*** SUPPLIED ENTRIES ***

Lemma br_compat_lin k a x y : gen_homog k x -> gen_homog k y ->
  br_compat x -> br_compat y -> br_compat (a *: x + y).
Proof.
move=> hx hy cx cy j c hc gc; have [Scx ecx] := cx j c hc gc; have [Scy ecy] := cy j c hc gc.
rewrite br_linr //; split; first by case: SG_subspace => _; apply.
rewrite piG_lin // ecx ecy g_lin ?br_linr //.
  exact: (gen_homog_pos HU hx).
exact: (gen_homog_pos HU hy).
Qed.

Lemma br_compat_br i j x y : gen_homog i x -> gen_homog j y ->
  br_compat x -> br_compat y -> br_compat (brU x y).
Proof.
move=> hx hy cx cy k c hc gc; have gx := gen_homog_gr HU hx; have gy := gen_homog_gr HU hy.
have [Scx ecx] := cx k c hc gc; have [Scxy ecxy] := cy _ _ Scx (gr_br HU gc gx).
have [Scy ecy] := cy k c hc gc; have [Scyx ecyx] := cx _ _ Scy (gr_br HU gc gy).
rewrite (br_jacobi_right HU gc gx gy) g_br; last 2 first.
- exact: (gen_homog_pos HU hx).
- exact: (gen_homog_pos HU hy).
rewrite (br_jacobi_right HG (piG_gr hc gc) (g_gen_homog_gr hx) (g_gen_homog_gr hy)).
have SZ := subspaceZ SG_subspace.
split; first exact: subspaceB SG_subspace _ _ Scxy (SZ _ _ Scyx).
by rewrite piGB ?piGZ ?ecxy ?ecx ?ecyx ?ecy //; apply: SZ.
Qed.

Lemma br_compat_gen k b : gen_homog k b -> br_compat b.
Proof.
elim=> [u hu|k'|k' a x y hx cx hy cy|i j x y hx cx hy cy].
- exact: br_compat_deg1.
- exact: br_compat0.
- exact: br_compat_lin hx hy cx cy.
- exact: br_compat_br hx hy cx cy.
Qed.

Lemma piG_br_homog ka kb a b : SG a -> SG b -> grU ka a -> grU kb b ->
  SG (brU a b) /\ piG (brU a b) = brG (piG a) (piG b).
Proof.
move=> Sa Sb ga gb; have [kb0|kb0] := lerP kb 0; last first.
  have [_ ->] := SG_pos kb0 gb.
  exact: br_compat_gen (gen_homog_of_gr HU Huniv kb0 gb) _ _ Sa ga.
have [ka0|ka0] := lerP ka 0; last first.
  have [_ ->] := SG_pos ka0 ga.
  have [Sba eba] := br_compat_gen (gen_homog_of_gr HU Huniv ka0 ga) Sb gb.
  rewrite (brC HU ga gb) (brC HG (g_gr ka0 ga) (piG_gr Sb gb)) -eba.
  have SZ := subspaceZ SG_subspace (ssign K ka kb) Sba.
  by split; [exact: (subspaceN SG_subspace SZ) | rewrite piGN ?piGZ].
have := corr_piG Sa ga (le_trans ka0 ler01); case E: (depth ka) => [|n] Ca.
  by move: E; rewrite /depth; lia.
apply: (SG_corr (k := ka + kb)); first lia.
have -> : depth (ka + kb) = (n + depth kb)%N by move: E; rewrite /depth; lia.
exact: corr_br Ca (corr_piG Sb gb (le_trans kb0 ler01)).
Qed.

*** End of SUPPLIED ENTRIES ***
*** SUPPLIED ENTRIES ***

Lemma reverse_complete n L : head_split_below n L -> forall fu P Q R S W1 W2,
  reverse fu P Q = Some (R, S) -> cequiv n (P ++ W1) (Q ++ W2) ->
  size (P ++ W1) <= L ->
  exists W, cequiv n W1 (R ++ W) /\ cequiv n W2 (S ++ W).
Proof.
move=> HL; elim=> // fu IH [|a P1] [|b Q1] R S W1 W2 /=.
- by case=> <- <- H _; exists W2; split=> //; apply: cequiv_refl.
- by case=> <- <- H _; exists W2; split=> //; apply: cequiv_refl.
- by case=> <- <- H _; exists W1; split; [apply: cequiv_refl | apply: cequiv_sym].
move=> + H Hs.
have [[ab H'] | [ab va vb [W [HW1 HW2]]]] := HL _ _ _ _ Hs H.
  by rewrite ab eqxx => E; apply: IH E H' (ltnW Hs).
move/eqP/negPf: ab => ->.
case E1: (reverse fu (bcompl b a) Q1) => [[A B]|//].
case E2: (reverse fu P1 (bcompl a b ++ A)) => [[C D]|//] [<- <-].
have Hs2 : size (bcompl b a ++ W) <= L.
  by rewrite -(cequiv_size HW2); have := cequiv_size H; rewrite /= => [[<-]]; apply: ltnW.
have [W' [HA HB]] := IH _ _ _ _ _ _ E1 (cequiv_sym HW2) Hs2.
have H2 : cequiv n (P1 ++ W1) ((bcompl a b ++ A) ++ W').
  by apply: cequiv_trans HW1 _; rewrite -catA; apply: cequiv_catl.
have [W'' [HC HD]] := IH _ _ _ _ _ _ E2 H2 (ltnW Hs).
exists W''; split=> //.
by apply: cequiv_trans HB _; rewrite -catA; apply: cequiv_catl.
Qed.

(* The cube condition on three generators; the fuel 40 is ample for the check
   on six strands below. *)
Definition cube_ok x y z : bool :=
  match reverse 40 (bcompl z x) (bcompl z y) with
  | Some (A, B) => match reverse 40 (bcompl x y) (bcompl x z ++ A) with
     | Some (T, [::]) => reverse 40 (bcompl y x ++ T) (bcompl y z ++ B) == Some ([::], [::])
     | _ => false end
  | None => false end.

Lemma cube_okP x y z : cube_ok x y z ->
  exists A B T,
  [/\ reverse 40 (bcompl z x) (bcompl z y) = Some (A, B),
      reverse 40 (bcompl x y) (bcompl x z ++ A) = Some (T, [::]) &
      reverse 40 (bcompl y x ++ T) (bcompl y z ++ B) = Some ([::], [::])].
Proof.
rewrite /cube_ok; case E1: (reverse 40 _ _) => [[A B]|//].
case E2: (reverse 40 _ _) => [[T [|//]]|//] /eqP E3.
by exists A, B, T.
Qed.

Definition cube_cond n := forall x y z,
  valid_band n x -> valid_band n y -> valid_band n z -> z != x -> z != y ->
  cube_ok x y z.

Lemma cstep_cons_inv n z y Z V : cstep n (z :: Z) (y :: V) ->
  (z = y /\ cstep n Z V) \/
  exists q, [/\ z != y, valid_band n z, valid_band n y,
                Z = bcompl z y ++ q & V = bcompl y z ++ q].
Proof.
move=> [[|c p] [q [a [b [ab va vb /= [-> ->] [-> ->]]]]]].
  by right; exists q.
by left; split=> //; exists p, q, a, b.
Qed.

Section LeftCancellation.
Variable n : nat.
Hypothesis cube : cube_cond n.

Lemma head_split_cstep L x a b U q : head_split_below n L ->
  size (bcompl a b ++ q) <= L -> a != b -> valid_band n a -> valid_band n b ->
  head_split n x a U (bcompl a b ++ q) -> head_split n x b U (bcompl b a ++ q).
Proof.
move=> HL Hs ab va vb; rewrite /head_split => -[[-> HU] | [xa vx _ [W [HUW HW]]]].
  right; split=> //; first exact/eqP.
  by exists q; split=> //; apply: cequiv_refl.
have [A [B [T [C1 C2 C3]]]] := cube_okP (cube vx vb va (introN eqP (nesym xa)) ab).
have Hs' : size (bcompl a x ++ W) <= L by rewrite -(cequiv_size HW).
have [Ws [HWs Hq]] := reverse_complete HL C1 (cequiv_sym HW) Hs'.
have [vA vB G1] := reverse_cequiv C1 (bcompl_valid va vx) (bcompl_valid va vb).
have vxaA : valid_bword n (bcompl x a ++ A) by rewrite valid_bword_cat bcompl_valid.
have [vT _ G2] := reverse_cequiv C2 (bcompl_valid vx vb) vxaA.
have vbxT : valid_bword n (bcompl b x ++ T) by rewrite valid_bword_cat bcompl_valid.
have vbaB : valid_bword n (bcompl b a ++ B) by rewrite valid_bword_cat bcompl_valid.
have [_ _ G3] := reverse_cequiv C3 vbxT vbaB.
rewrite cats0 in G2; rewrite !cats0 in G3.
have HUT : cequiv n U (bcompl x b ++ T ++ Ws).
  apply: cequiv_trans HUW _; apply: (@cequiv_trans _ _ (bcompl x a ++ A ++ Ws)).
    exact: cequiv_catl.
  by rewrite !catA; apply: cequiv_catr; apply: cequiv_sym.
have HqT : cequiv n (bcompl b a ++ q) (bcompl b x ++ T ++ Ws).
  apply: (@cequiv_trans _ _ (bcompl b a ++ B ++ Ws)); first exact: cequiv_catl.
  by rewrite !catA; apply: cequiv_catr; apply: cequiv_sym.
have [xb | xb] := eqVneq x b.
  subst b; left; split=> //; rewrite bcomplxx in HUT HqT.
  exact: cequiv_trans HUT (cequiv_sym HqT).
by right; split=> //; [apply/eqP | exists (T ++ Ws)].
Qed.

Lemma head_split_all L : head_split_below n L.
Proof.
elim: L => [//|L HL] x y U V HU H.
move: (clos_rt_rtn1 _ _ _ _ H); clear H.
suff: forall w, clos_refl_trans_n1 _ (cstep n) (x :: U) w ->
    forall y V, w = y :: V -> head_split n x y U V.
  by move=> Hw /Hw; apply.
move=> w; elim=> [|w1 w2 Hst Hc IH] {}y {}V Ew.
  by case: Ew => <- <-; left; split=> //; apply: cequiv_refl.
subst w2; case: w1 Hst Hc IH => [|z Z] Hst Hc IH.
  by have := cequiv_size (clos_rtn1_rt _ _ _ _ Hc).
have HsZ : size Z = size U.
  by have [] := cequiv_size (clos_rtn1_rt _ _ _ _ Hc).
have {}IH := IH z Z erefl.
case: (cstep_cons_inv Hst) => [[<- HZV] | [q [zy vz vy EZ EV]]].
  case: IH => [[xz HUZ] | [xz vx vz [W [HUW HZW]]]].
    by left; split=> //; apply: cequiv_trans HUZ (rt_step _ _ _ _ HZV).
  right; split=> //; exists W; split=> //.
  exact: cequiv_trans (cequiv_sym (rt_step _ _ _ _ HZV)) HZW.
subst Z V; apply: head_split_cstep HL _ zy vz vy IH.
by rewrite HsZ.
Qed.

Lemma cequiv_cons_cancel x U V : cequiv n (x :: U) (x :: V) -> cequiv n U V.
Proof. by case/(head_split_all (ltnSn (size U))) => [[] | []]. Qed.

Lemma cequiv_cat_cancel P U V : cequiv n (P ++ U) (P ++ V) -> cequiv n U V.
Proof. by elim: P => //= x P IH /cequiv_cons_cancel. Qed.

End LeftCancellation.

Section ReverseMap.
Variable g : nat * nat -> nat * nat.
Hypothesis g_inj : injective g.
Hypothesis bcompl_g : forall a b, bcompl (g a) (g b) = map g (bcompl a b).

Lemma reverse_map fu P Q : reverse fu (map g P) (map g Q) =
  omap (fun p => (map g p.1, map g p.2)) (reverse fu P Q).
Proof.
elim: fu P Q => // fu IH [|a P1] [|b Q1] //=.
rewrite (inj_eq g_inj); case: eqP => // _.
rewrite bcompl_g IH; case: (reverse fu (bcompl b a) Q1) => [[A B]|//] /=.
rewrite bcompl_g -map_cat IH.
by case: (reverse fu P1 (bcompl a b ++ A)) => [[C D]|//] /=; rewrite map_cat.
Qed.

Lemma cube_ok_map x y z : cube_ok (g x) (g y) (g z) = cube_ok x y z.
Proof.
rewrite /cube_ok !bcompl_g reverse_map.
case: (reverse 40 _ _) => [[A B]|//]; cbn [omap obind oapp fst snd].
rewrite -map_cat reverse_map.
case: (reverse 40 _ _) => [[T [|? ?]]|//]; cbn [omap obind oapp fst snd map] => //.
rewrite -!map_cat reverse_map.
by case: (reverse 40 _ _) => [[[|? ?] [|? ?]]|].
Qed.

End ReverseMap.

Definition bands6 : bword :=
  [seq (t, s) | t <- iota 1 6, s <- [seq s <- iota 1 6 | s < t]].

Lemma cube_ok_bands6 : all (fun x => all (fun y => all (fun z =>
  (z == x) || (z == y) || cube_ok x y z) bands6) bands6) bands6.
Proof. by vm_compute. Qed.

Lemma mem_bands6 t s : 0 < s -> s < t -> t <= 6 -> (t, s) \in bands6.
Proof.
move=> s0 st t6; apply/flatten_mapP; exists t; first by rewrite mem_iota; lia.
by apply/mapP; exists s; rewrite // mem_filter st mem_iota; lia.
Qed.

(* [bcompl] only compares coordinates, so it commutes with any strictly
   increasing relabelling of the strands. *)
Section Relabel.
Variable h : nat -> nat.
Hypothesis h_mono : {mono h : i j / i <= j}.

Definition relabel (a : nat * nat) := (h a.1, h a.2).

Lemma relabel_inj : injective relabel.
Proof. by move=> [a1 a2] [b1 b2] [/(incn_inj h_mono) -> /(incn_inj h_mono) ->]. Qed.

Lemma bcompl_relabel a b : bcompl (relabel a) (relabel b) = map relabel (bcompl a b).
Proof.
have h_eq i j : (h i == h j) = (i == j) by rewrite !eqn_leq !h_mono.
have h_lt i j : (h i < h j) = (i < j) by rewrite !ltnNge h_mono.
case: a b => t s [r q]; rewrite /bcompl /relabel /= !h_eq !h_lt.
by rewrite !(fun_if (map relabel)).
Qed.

*** End of SUPPLIED ENTRIES ***

Take the line above containing "None => false end.", the line containing "case E2: (reverse 40", and all lines in between, and copy them exactly without anything else.

  | None => false end.

Lemma cube_okP x y z : cube_ok x y z ->
  exists A B T,
  [/\ reverse 40 (bcompl z x) (bcompl z y) = Some (A, B),
      reverse 40 (bcompl x y) (bcompl x z ++ A) = Some (T, [::]) &
      reverse 40 (bcompl y x ++ T) (bcompl y z ++ B) = Some ([::], [::])].
Proof.
rewrite /cube_ok; case E1: (reverse 40 _ _) => [[A B]|//].
case E2: (reverse 40 _ _) => [[T [|//]]|//] /eqP E3.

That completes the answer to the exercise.